» **Problem details**
Report every line from the material that contains the word "Unset".

» **Entries supplied**
(* Let $\mathcal{S}=(X,\xrightarrow{\Sigma},\le)$ be a WSTS with strong monotonicity whose completion $\widehat{\mathcal{S}}$ is deterministic and has strong-strict monotonicity. For every $I\in\mathrm{Idl}(X)$ and $w\in\Sigma^+$: (1) if $\{J: I\xRightarrow{w}J\}\ne\emptyset$ and $I\in\mathrm{Idl}_n(X)$ for some $n\in\mathbb{N}$, then $w(I)\in\mathrm{Idl}_n(X)$; (2) if $I\subset w(I)$ and $I\in\mathrm{Idl}_n(X)$ for some $n\in\mathbb{N}$, then $w^\infty(I)\in\mathrm{Idl}_{n+1}(X)$.
   Context: A (labeled, ordered) transition system is $\mathcal{S}=(X,\xrightarrow{\Sigma},\le)$: $X$ a set, $\Sigma$ a finite alphabet, $\xrightarrow{a}\subseteq X\times X$ for $a\in\Sigma$, $\le$ a quasi-ordering; relations extend to words ($x\xrightarrow{\varepsilon}x$, $x\xrightarrow{wa}y$ iff $x\xrightarrow{w}x'\xrightarrow{a}y$ for some $x'$). $\mathrm{Post}(x,w)=\{y:x\xrightarrow{w}y\}$, extended to sets by union; $\downarrow D=\{x:\exists y\in D,\,x\le y\}$. WSTS: $\le$ is a wqo and $x\xrightarrow{a}y$, $x'\ge x$ imply $x'\xrightarrow{w}y'$ for some $w\in\Sigma^*$ and $y'\ge y$. Strong monotonicity: $x\xrightarrow{a}y$, $x'\ge x$ imply $x'\xrightarrow{a}y'$ for some $y'\ge y$; strong-strict monotonicity: additionally $x\xrightarrow{a}y$, $x'>x$ imply $x'\xrightarrow{a}y'$ for some $y'>y$. Deterministic: at most one $a$-successor for each state and letter. Ideal: nonempty downward-closed directed subset of $X$; $\mathrm{Idl}(X)$ the set of ideals. For downward-closed $D$, $\mathrm{IdealDecomp}(D)$ is the finite set of $\subseteq$-maximal ideals contained in $D$. Completion: $\widehat{\mathcal{S}}=(\mathrm{Idl}(X),\Rightarrow_\Sigma,\subseteq)$ with $I\xRightarrow{a}J$ iff $J\in\mathrm{IdealDecomp}(\downarrow\mathrm{Post}(I,a))$, extended to words. When $\widehat{\mathcal{S}}$ is deterministic, $w(I)$ is the unique $J$ with $I\xRightarrow{w}J$ (when it exists). Acceleration: $w^\infty(I)=\bigcup_{k\in\mathbb{N}}w^k(I)$ if $I\subset w(I)$, else $I$. Levels: $\mathrm{Idl}_0(X)=\mathrm{Idl}(X)$; $\mathrm{Idl}_n(X)=\{\bigcup_iI_i: I_0\subset I_1\subset\cdots,\ I_i\in\mathrm{Idl}_{n-1}(X)\}$ for $n>0$. *)

From mathcomp Require Import all_boot.
Set Implicit Arguments. Unset Strict Implicit. Unset Printing Implicit Defensive.

Definition subset {X : Type} (A B : X -> Prop) : Prop := forall x, A x -> B x.
Definition strict_subset {X : Type} (A B : X -> Prop) : Prop :=
  subset A B /\ ~ subset B A.
Definition set_eq {X : Type} (A B : X -> Prop) : Prop := forall x, A x <-> B x.

Definition quasi_order {X : Type} (le : X -> X -> Prop) : Prop :=
  (forall x, le x x) /\ (forall x y z, le x y -> le y z -> le x z).
Definition wqo {X : Type} (le : X -> X -> Prop) : Prop :=
  quasi_order le /\
  forall f : nat -> X, exists i j, (i < j)%N /\ le (f i) (f j).

Fixpoint wstep {X Sigma : Type} (step : Sigma -> X -> X -> Prop)
  (w : seq Sigma) (x y : X) : Prop :=
  match w with
  | [::] => x = y
  | a :: w' => exists x', step a x x' /\ wstep step w' x' y
  end.

Definition WSTS {X Sigma : Type} (step : Sigma -> X -> X -> Prop)
  (le : X -> X -> Prop) : Prop :=
  wqo le /\
  forall a x y x', step a x y -> le x x' ->
    exists w y', wstep step w x' y' /\ le y y'.

Definition strong_monotone {X Sigma : Type} (step : Sigma -> X -> X -> Prop)
  (le : X -> X -> Prop) : Prop :=
  forall a x y x', step a x y -> le x x' -> exists y', step a x' y' /\ le y y'.

Definition downclosure {X : Type} (le : X -> X -> Prop) (D : X -> Prop) : X -> Prop :=
  fun x => exists y, D y /\ le x y.
Definition down_closed {X : Type} (le : X -> X -> Prop) (D : X -> Prop) : Prop :=
  forall x y, le x y -> D y -> D x.
Definition directed {X : Type} (le : X -> X -> Prop) (D : X -> Prop) : Prop :=
  forall x y, D x -> D y -> exists z, D z /\ le x z /\ le y z.
Definition ideal {X : Type} (le : X -> X -> Prop) (D : X -> Prop) : Prop :=
  (exists x, D x) /\ down_closed le D /\ directed le D.

Definition IdealDecomp {X : Type} (le : X -> X -> Prop) (D : X -> Prop)
  (J : X -> Prop) : Prop :=
  ideal le J /\ subset J D /\
  forall K, ideal le K -> subset J K -> subset K D -> subset K J.

Definition Post {X Sigma : Type} (step : Sigma -> X -> X -> Prop)
  (I : X -> Prop) (a : Sigma) : X -> Prop :=
  fun y => exists x, I x /\ step a x y.

(* the completion: I =a=> J iff J in IdealDecomp(down Post(I,a)),
   on ideals *)
Definition cstep {X Sigma : Type} (step : Sigma -> X -> X -> Prop)
  (le : X -> X -> Prop) (a : Sigma) (I J : X -> Prop) : Prop :=
  ideal le I /\ IdealDecomp le (downclosure le (Post step I a)) J.

Definition cwstep {X Sigma : Type} (step : Sigma -> X -> X -> Prop)
  (le : X -> X -> Prop) (w : seq Sigma) (I J : X -> Prop) : Prop :=
  wstep (cstep step le) w I J.

Definition completion_deterministic {X Sigma : Type}
  (step : Sigma -> X -> X -> Prop) (le : X -> X -> Prop) : Prop :=
  forall a I J J', cstep step le a I J -> cstep step le a I J' -> set_eq J J'.

Definition completion_strong_strict_monotone {X Sigma : Type}
  (step : Sigma -> X -> X -> Prop) (le : X -> X -> Prop) : Prop :=
  (forall a I J I', cstep step le a I J -> ideal le I' -> subset I I' ->
     exists J', cstep step le a I' J' /\ subset J J') /\
  (forall a I J I', cstep step le a I J -> ideal le I' -> strict_subset I I' ->
     exists J', cstep step le a I' J' /\ strict_subset J J').

Definition wpow {Sigma : Type} (w : seq Sigma) (k : nat) : seq Sigma :=
  flatten (nseq k w).

Definition winf {X Sigma : Type} (step : Sigma -> X -> X -> Prop)
  (le : X -> X -> Prop) (w : seq Sigma) (I : X -> Prop) : X -> Prop :=
  fun x => exists k J, cwstep step le (wpow w k) I J /\ J x.

Fixpoint IdlN {X : Type} (le : X -> X -> Prop) (n : nat) (D : X -> Prop) : Prop :=
  match n with
  | 0 => ideal le D
  | n'.+1 => exists f : nat -> (X -> Prop),
      (forall i, IdlN le n' (f i)) /\
      (forall i, strict_subset (f i) (f i.+1)) /\
      set_eq D (fun x => exists i, f i x)
  end.

From mathcomp Require Import all_boot.
From mathcomp Require boolp classical_sets.

(** Under determinism the completion step is [I |-> ↓Post(I, a)]: every [y] in
    [↓Post(I, a)] lies in some maximal ideal of [↓Post(I, a)] containing [↓y]
    (Zorn's lemma), and there is only one such ideal.  This map commutes with
    unions, so it sends the union of a strictly increasing chain of level-[n]
    ideals to the union of the image chain (taken from the first index where
    [Post] is nonempty), which strong-strict monotonicity keeps strictly
    increasing; induction on [n] gives (1).  For (2), the same monotonicity
    makes [(w^k(I))_k] strictly increasing, and its union is [w^oo(I)]. *)

Section Ideals.
Local Set Implicit Arguments.
Local Unset Strict Implicit.

Lemma wstep_cat (L T : Type) (R : L -> T -> T -> Prop) u v x y z :
  wstep R u x y -> wstep R v y z -> wstep R (u ++ v) x z.
Proof.
elim: u x => [|a u IHu] x /=; first by move=> ->.
by move=> [x' [xx' x'y]] yz; exists x'; split=> //; apply: IHu x'y yz.
Qed.

Lemma wpowS (L : Type) (w : seq L) k : wpow w k.+1 = wpow w k ++ w.
Proof. by rewrite /wpow -flatten_rcons -cats1 -addn1 nseqD. Qed.

Variables (X : Type) (le : X -> X -> Prop).

Lemma set_eqE (A B : X -> Prop) : set_eq A B -> A = B.
Proof. by move=> AB; apply: boolp.funext => x; apply: boolp.propext. Qed.

Lemma chain_subset (f : nat -> X -> Prop) :
  (forall i, subset (f i) (f i.+1)) -> forall i j, i <= j -> subset (f i) (f j).
Proof.
move=> f_mono i j /subnKC <-; elim: (j - i) => [|k IHk] x fx; first by rewrite addn0.
by rewrite addnS; apply/f_mono/IHk.
Qed.

Lemma bigcup_tail (f : nat -> X -> Prop) k :
  (forall i, subset (f i) (f i.+1)) ->
  set_eq (fun x => exists i, f i x) (fun x => exists i, f (k + i) x).
Proof.
move=> f_mono x; split=> [[i fx]|[i fx]]; last by exists (k + i).
by exists i; apply: (chain_subset f_mono (leq_addl k i)).
Qed.

Lemma IdlN_ideal n D : IdlN le n D -> ideal le D.
Proof.
elim: n D => [//|n IHn] D [f [f_lvl [f_strict /set_eqE ->]]].
have f_ideal i : ideal le (f i) := IHn _ (f_lvl i).
have f_mono : forall i j, i <= j -> subset (f i) (f j).
  by apply: chain_subset => i; case: (f_strict i).
split; [|split].
- by case: (f_ideal 0) => -[x fx] _; exists x, 0.
- move=> x y xy [i fy]; exists i.
  by case: (f_ideal i) => _ [f_dc _]; apply: f_dc xy fy.
- move=> x y [i fx] [j fy].
  have [_ [_ f_dir]] := f_ideal (maxn i j).
  have [z [fz [xz yz]]] := f_dir x y (f_mono _ _ (leq_maxl i j) x fx)
                                     (f_mono _ _ (leq_maxr i j) y fy).
  by exists z; split=> //; exists (maxn i j).
Qed.

Lemma exists_IdealDecomp_sup (D K : X -> Prop) :
  ideal le K -> subset K D -> exists J, IdealDecomp le D J /\ subset K J.
Proof.
move=> [K_ne [K_dc K_dir]] KD.
(* [P] must contain the empty union of the empty chain, hence the guarded last condition. *)
pose P A := [/\ down_closed le A, directed le A, subset A D
              & (exists x, A x) -> subset K A].
have chainP F : classical_sets.subset F P ->
    classical_sets.total_on F classical_sets.subset ->
    P (classical_sets.bigcup F id).
  move=> FP Ftot; split.
  - move=> x y xy [A FA Ay]; exists A => //.
    by case: (FP A FA) => A_dc _ _ _; apply: A_dc xy Ay.
  - move=> x y [A FA Ax] [B FB By].
    have [AB|BA] := Ftot A B FA FB.
    + have [_ B_dir _ _] := FP B FB.
      by have [z [Bz xyz]] := B_dir x y (AB x Ax) By; exists z; split=> //; exists B.
    + have [_ A_dir _ _] := FP A FA.
      by have [z [Az xyz]] := A_dir x y Ax (BA y By); exists z; split=> //; exists A.
  - by move=> x [A FA Ax]; case: (FP A FA) => _ _ AD _; apply: AD.
  - move=> [x [A FA Ax]] y Ky; exists A => //.
    by case: (FP A FA) => _ _ _ AK; apply: (AK _ y Ky); exists x.
have [J [[J_dc J_dir JD JK] J_max]] := classical_sets.Zorn_bigcup chainP.
have PK : P K by split=> // _ x.
have J_ne : exists x, J x.
  apply: boolp.contrapT => J_empty; apply: (J_max K _ PK); split.
    by move=> x Jx; case: J_empty; exists x.
  by move=> KJ; case: K_ne => x /KJ Jx; case: J_empty; exists x.
exists J; split; last exact: JK J_ne.
split; first by split.
split=> // K' [K'_ne [K'_dc K'_dir]] JK' K'D x K'x.
apply: boolp.contrapT => nJx; apply: (J_max K').
  by split=> // K'J; apply/nJx/K'J.
by split=> // _ y Ky; apply/JK'/JK.
Qed.

Hypotheses (le_refl : forall x, le x x)
           (le_trans : forall x y z, le x y -> le y z -> le x z).

Lemma downclosure_down_closed (D : X -> Prop) : down_closed le (downclosure le D).
Proof. by move=> x y xy [z [Dz yz]]; exists z; split=> //; apply: le_trans xy yz. Qed.

Lemma principal_ideal y : ideal le (fun z => le z y).
Proof.
split; first by exists y.
split; first by move=> a b ab; apply: le_trans.
by move=> a b ay yb; exists y.
Qed.

Section Completion.

Variables (Sigma : Type) (step : Sigma -> X -> X -> Prop).

Lemma downclosure_Post_bigcup (f : nat -> X -> Prop) a :
  set_eq (downclosure le (Post step (fun x => exists i, f i x) a))
         (fun y => exists i, downclosure le (Post step (f i) a) y).
Proof.
move=> y; split.
  by move=> [z [[x [[i fx] xz]] yz]]; exists i, z; split=> //; exists x.
by move=> [i [z [[x [fx xz]] yz]]]; exists z; split=> //; exists x; split=> //; exists i.
Qed.

Hypothesis det : completion_deterministic step le.

Lemma cstep_downclosure_Post a A J :
  cstep step le a A J -> J = downclosure le (Post step A a).
Proof.
move=> AJ; have [A_ideal [_ [J_sub _]]] := AJ.
apply: set_eqE => y; split; first exact: J_sub.
move=> Py.
have [J' [J'_max yJ']] := exists_IdealDecomp_sup (principal_ideal y)
  (fun z zy => downclosure_down_closed zy Py).
by apply/(det AJ (conj A_ideal J'_max))/yJ'.
Qed.

Lemma cstep_Post a A x y :
  ideal le A -> A x -> step a x y ->
  cstep step le a A (downclosure le (Post step A a)).
Proof.
move=> A_ideal Ax xy.
have yP : downclosure le (Post step A a) y by exists y; split=> //; exists x.
have [J [J_max _]] := exists_IdealDecomp_sup (principal_ideal y)
  (fun z zy => downclosure_down_closed zy yP).
have AJ : cstep step le a A J by [].
by rewrite -(cstep_downclosure_Post AJ).
Qed.

Hypothesis ssm : completion_strong_strict_monotone step le.

Lemma cstep_IdlN a n A J : IdlN le n A -> cstep step le a A J -> IdlN le n J.
Proof.
elim: n A J => [|n IHn] A J; first by move=> _ [_ [] ].
move=> An AJ.
case: An => f [f_lvl [f_strict /set_eqE A_bigcup]].
have f_mono i : subset (f i) (f i.+1) by case: (f_strict i).
have [[y Jy] _] := proj1 (proj2 AJ).
rewrite (cstep_downclosure_Post AJ) A_bigcup in Jy *.
case: Jy => z [[x [[k fx] xz]] _].
have f_step i : cstep step le a (f (k + i)) (downclosure le (Post step (f (k + i)) a)).
  apply: (cstep_Post _ _ xz); first exact: IdlN_ideal (f_lvl _).
  exact: chain_subset f_mono _ _ (leq_addr i k) x fx.
exists (fun i => downclosure le (Post step (f (k + i)) a)); split; [|split].
- by move=> i; apply: IHn (f_lvl _) (f_step i).
- move=> i; have [J' [fJ' lt_J']] :=
    ssm.2 _ _ _ _ (f_step i) (IdlN_ideal (f_lvl _)) (f_strict _).
  by rewrite addnS -(cstep_downclosure_Post fJ').
- by rewrite (set_eqE (bigcup_tail k f_mono)); apply: downclosure_Post_bigcup.
Qed.

Lemma cwstep_det w A B B' :
  cwstep step le w A B -> cwstep step le w A B' -> B = B'.
Proof.
elim: w A => [|a w IHw] A /=; first by move=> <- <-.
move=> [A1 [AA1 A1B]] [A1' [AA1' A1'B']].
by move: A1'B'; rewrite -(set_eqE (det AA1 AA1')); apply: IHw.
Qed.

Lemma cwstep_strict w A B A' :
  cwstep step le w A B -> ideal le A' -> strict_subset A A' ->
  exists B', cwstep step le w A' B' /\ strict_subset B B'.
Proof.
elim: w A A' => [|a w IHw] A A' /=; first by move=> -> _ AA'; exists A'.
move=> [A1 [AA1 A1B]] A'_ideal AA'.
have [A1' [A'A1' A1A1']] := ssm.2 _ _ _ _ AA1 A'_ideal AA'.
have [B' [A1'B' BB']] := IHw _ _ A1B (proj1 (proj2 A'A1')) A1A1'.
by exists B'; split=> //; exists A1'.
Qed.

Lemma cwstep_IdlN w n A J : IdlN le n A -> cwstep step le w A J -> IdlN le n J.
Proof.
elim: w A => [|a w IHw] A An /=; first by move=> <-.
by move=> [A1 [AA1 A1J]]; apply: IHw (cstep_IdlN An AA1) A1J.
Qed.

(* [w^k(I)] as a set, empty when undefined; [winf] is literally its union. *)
Definition witer (w : seq Sigma) (I : X -> Prop) k : X -> Prop :=
  fun x => exists J, cwstep step le (wpow w k) I J /\ J x.

Lemma witerE w I k A : cwstep step le (wpow w k) I A -> witer w I k = A.
Proof.
move=> IA; apply: set_eqE => x; split; last by exists A.
by move=> [J [IJ Jx]]; rewrite (cwstep_det IA IJ).
Qed.

Lemma wpow_strict_chain w I J :
  ideal le I -> cwstep step le w I J -> strict_subset I J ->
  forall k, exists A B, [/\ cwstep step le (wpow w k) I A,
                           cwstep step le w A B & strict_subset A B].
Proof.
move=> I_ideal IJ IJ_lt; elim=> [|k [A [B [IA AB AB_lt]]]]; first by exists I, J.
have B_ideal : ideal le B := cwstep_IdlN (cwstep_IdlN (I_ideal : IdlN le 0 I) IA) AB.
have [B' [BB' BB'_lt]] := cwstep_strict AB B_ideal AB_lt.
by exists B, B'; split=> //; rewrite wpowS; apply: wstep_cat IA AB.
Qed.

Lemma winf_IdlN w n I J :
  IdlN le n I -> cwstep step le w I J -> strict_subset I J ->
  IdlN le n.+1 (winf step le w I).
Proof.
move=> In IJ IJ_lt; have chain := wpow_strict_chain (IdlN_ideal In) IJ IJ_lt.
exists (witer w I); split; [|split] => // k; have [A [B [IA AB AB_lt]]] := chain k.
  by rewrite (witerE IA); apply: cwstep_IdlN In IA.
have IB : cwstep step le (wpow w k.+1) I B by rewrite wpowS; apply: wstep_cat IA AB.
by rewrite (witerE IA) (witerE IB).
Qed.

End Completion.

End Ideals.

Theorem proposition6 (X : Type) (Sigma : finType)
  (step : Sigma -> X -> X -> Prop) (le : X -> X -> Prop)
  (HW : WSTS step le) (Hsm : strong_monotone step le)
  (Hdet : completion_deterministic step le)
  (Hssm : completion_strong_strict_monotone step le)
  (I : X -> Prop) (HI : ideal le I) (w : seq Sigma) (Hw : w <> [::]) :
  (forall n J, IdlN le n I -> cwstep step le w I J -> IdlN le n J) /\
  (forall n, (exists J, cwstep step le w I J /\ strict_subset I J) ->
     IdlN le n I -> IdlN le n.+1 (winf step le w I)).
Proof.
have [[[le_refl le_trans] _] _] := HW.
split=> [n J|n [J [IJ IJ_lt]] In]; first exact: cwstep_IdlN.
exact: winf_IdlN In IJ IJ_lt.
Qed.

» **Exercise response**
Set Implicit Arguments. Unset Strict Implicit. Unset Printing Implicit Defensive.
Local Unset Strict Implicit.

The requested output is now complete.